*** GIVEN DATA Section Begins ***

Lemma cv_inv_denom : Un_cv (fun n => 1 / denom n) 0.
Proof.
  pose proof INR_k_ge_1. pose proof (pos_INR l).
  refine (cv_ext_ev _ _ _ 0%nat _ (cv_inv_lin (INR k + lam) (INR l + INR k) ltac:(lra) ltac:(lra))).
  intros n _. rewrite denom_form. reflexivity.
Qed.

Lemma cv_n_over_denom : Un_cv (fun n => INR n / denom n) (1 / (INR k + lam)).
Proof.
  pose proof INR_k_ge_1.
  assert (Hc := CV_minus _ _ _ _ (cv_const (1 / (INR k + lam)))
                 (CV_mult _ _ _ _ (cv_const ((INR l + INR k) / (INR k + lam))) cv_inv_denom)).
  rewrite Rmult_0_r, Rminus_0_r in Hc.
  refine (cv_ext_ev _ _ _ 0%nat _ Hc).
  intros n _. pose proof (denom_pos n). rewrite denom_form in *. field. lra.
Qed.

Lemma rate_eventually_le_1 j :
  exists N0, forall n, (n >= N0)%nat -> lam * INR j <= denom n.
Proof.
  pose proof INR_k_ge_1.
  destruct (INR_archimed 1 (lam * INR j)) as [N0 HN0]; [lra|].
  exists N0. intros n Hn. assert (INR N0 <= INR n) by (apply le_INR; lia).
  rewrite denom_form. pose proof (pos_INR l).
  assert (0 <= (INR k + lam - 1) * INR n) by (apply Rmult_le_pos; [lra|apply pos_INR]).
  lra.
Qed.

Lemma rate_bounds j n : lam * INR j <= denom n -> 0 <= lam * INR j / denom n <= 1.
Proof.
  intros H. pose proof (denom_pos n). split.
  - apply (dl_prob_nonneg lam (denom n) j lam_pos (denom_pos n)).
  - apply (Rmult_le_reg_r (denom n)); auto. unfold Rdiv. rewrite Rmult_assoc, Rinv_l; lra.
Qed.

*** GIVEN DATA Section Ends ***
*** GIVEN DATA Section Begins ***

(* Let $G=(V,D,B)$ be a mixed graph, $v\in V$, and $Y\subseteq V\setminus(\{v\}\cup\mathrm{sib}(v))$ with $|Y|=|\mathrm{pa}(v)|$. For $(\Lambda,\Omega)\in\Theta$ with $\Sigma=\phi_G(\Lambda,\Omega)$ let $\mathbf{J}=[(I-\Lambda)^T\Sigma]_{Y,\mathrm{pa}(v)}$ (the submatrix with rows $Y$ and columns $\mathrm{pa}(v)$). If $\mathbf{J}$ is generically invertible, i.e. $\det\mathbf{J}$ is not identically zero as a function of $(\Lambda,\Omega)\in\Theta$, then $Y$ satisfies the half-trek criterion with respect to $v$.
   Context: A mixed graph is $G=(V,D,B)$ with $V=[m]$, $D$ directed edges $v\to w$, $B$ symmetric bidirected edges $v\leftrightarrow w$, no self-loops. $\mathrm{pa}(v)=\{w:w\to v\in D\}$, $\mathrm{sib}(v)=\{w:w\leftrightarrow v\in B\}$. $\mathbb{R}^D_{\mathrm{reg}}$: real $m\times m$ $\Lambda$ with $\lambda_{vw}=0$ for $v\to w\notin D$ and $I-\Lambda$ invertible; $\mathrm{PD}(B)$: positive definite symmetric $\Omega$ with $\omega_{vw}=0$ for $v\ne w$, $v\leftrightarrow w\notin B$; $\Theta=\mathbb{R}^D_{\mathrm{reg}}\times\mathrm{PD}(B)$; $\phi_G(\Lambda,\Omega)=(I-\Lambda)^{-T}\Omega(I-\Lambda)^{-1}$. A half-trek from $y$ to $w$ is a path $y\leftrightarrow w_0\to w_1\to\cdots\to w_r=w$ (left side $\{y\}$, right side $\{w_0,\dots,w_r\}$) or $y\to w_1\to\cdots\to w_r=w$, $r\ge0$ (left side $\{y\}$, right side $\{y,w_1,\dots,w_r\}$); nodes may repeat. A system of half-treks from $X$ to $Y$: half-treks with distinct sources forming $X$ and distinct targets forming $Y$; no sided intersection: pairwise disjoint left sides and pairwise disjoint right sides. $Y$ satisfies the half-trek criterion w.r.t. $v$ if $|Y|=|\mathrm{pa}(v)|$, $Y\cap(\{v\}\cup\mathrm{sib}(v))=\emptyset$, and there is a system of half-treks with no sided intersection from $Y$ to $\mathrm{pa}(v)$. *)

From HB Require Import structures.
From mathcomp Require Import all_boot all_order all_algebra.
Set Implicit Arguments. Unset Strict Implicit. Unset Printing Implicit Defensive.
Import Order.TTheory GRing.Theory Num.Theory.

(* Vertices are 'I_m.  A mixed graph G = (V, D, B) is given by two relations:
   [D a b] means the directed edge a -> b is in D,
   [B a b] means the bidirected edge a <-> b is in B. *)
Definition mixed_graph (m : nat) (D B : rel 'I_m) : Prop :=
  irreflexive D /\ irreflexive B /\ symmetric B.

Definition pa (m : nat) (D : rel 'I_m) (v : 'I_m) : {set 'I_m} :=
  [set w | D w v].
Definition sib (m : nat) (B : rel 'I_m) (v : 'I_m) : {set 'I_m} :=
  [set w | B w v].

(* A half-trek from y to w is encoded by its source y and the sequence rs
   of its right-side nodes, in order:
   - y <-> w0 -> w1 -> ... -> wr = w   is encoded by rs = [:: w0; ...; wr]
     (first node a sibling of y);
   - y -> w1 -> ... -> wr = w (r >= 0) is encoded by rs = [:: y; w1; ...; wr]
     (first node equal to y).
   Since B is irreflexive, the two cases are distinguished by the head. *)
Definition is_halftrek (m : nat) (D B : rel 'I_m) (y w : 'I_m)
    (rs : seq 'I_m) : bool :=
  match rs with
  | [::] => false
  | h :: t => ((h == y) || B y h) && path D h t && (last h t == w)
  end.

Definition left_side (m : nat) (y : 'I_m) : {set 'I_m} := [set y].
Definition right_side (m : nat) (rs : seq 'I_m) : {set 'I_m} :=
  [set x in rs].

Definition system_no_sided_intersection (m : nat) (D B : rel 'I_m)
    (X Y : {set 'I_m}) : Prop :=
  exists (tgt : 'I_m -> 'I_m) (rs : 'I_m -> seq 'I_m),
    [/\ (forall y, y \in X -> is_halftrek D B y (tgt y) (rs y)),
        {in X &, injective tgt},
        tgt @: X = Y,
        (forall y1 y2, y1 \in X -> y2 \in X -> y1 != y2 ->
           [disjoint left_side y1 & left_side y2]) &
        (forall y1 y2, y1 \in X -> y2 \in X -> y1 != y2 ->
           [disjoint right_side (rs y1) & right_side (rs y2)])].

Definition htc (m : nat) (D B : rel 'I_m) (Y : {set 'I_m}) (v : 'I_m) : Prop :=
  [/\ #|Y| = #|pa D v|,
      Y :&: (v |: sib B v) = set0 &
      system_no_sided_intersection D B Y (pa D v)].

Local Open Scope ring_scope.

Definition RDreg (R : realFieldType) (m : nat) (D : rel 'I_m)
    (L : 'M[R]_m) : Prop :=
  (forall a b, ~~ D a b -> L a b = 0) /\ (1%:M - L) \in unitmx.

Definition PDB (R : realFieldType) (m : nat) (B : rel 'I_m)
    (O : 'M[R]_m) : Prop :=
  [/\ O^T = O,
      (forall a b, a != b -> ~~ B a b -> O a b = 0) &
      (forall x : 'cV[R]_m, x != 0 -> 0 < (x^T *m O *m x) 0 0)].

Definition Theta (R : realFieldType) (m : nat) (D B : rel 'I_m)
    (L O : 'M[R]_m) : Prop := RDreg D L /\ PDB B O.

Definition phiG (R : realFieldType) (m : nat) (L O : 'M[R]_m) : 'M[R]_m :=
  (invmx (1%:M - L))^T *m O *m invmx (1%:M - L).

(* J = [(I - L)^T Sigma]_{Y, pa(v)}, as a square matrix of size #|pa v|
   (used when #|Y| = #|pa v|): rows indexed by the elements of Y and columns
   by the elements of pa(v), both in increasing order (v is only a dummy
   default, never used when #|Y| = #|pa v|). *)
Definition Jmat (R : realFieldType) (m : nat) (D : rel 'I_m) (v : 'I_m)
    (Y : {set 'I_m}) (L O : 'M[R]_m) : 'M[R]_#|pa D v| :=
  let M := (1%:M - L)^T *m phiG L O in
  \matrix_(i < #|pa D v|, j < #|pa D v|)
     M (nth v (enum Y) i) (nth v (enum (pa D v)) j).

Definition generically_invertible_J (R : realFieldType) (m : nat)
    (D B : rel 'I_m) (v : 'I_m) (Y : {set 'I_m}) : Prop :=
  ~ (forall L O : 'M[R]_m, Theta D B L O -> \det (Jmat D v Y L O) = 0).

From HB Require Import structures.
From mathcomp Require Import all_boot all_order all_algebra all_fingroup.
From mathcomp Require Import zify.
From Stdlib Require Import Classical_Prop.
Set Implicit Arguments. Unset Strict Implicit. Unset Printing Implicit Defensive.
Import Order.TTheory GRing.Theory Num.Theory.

*** GIVEN DATA Section Ends ***
*** GIVEN DATA Section Begins ***

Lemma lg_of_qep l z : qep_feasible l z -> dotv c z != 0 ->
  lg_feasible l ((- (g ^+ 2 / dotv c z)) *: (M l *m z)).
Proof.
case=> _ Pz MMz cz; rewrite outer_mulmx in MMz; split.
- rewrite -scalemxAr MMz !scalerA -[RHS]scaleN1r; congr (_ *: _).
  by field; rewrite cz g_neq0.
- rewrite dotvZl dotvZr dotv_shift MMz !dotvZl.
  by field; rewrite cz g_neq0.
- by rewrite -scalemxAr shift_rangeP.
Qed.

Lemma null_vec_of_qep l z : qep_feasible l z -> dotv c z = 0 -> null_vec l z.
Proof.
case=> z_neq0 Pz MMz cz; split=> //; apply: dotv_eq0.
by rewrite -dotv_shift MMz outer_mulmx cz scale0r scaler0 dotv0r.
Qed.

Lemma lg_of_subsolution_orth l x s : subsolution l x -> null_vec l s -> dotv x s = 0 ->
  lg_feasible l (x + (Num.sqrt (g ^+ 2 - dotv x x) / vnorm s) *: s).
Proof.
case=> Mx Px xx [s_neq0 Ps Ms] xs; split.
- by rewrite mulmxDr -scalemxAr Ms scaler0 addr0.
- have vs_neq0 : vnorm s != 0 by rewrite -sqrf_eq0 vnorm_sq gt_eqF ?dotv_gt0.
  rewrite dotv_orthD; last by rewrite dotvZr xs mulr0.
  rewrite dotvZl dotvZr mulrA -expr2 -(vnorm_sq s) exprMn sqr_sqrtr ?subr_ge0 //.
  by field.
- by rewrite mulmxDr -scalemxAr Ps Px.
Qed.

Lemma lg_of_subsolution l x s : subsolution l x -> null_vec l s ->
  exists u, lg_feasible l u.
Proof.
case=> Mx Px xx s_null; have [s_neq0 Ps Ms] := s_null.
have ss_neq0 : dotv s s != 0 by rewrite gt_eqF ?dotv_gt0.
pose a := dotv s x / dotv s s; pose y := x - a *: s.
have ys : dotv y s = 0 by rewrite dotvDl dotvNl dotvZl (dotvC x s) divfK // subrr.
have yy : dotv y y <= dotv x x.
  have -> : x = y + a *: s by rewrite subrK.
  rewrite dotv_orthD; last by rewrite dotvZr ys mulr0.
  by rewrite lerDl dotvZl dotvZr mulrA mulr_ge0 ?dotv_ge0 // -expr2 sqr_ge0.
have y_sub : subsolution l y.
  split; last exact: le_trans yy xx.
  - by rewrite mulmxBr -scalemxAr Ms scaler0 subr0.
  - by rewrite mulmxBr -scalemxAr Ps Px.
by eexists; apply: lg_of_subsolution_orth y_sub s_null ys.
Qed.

*** GIVEN DATA Section Ends ***

→ REQUIRED WORK: Could you return every line from the entries above in which the string "last" occurs?

→ RESULT FOR THIS TASK:
  | h :: t => ((h == y) || B y h) && path D h t && (last h t == w)
  rewrite dotv_orthD; last by rewrite dotvZr xs mulr0.
  rewrite dotv_orthD; last by rewrite dotvZr ys mulr0.
  split; last exact: le_trans yy xx.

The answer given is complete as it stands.